Saying How You Really Feel (with a qualifier)

verbalIn my current job, I have to give presentations on a fairly regular basis. As such, I usually do a practice run with my coworkers first, especially before delivering to clients. One of the major criticisms I used to receive was about the cadence and volume of my voice. They warned me to avoid vocal fry and uptalk especially, and said instead to speak with authority. Throughout my life, I’ve always had people comment on how I talk. From friends to people I waited tables for, my unique way of speaking is always drawing comment. I talk very slowly. I sound like I’m from California. My voice goes up and down  in pitch like a lullaby (really). So, I tend to pay attention to how I sound when it matters, and am sure to speak in an evenly measured pace and tone, because even though it’s difficult to remember to moderate your voice, I like to be taken seriously when I talk.

While there has been a movement against valley-girl speak on the internet for a while, recently there have been several articles written about a newly identified vocal trend among women.
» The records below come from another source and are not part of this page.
(* Every member of TR_3 is eps2-far from the majority GSWF, up to the
   off-top probability: each of the three kinds of member of TR_3 yields an
   event of probability >= eps2 on which agreement forces F(x) off top. *)
Lemma TR_far (eps2 : R) H : inTR H ->
  (forall i, far_from_dict F i eps2 /\ far_from_antidict F i eps2) ->
  (forall a, eps2 <= prob R (fun x : profile n => F x == a)) ->
  eps2 <= gdist R (majority F) H + prob R off_top.
Proof.
move=> HTR Hfar Hpr; case: (TR_classify HTR) => [[c Hc]|[[i Hi]|[i Hi]]].
- apply: le_trans (Hpr c) _; apply: prob_le_gdist => x /eqP Fc GH.
  by rewrite /off_top GH Fc Hc.
- apply: le_trans (Hfar i).1 _; apply: prob_le_gdist => x Fx GH; apply: contra Fx.
  rewrite /off_top GH => Tx; apply/eqP/esym/top_topalt => b bt.
  by rewrite -Hi ?(is_topE Tx bt) // eq_sym.
- apply: le_trans (Hfar i).2 _; apply: prob_le_gdist => x Fx GH; apply: contra Fx.
  rewrite /off_top GH => Tx; apply/eqP/esym/top_botalt => b bt.
  by rewrite -Hi ?(is_topE Tx bt) // eq_sym.
Qed.

End MajorityBounds.

Theorem lemma4p3 (R : rcfType) (n : nat) (eps1 eps2 : R) (F : SCF n) :
  0 < eps1 -> 0 < eps2 ->
  (forall a b : 'I_3, a != b -> Mab R F a b <= eps1) ->
  (forall i : 'I_n, far_from_dict F i eps2 /\ far_from_antidict F i eps2) ->
  (forall a : 'I_3, eps2 <= prob R (fun x : profile n => F x == a)) ->
  exists G : GSWF n,
    [/\ IIA G,
        eps2 - 3%:R * Num.sqrt eps1 <= DistTR R G
      & NT R G <= 3%:R * Num.sqrt eps1].
Proof.
move=> _ _ HM Hfar Hpr; have Hoff := off_top_bound HM.
exists (majority F); split.
- exact: majority_IIA.
- apply: le_bigmin => [|H HTR]; last by have := TR_far HTR Hfar Hpr; lra.
  have := Hpr i0; have := prob_le1 R (fun x : profile n => F x == i0).
  have := sqrtr_ge0 eps1; lra.
- apply: le_trans Hoff; apply: prob_mono => x; apply: contra; exact: top_trans.
Qed.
It’s about how frequently women start sentences with the phrase, “I feel like,” and (again) it’s a verbal tic I am guilty of using.  The articles suppose that women use it to moderate their opinions, making them softer, less aggressive, and hence more likely to be accepted by their (particularly male) conversation partners, and I think they are probably not far off. When I find myself using the statement, it’s typically for one of two reasons. First, when someone is forcing me to give an opinion that I would rather not share, so I’m not fully committing in case everyone totally disagrees (think when your professor calls on you in class and you haven’t been paying attention). Second, when I know that people aren’t going to love what I have to say, so I am making it a sentence they can empathize with as a feeling more than attacking them with my opinion.

The phrase reminds me of the way people are often taught to discuss uncomfortable situations, or reason with unreasonable people, the “when you do X it makes me feel Y” communication technique, by making the sentence a feeling, people are less likely to outright reject what you are saying. Additionally, Lean In, and all it’s spin-off literature has called attention to the fact that overly assertive or aggressive women are seen as less likeable by both men and women. Starting a sentence in a less aggressive way may be a verbal way that women are trying to make their audience like them more, and get on their side, because people who like you are always going to be more receptive to what you’re trying to say.

Do you use this lead in? Why do you think women are using it more and more often than men?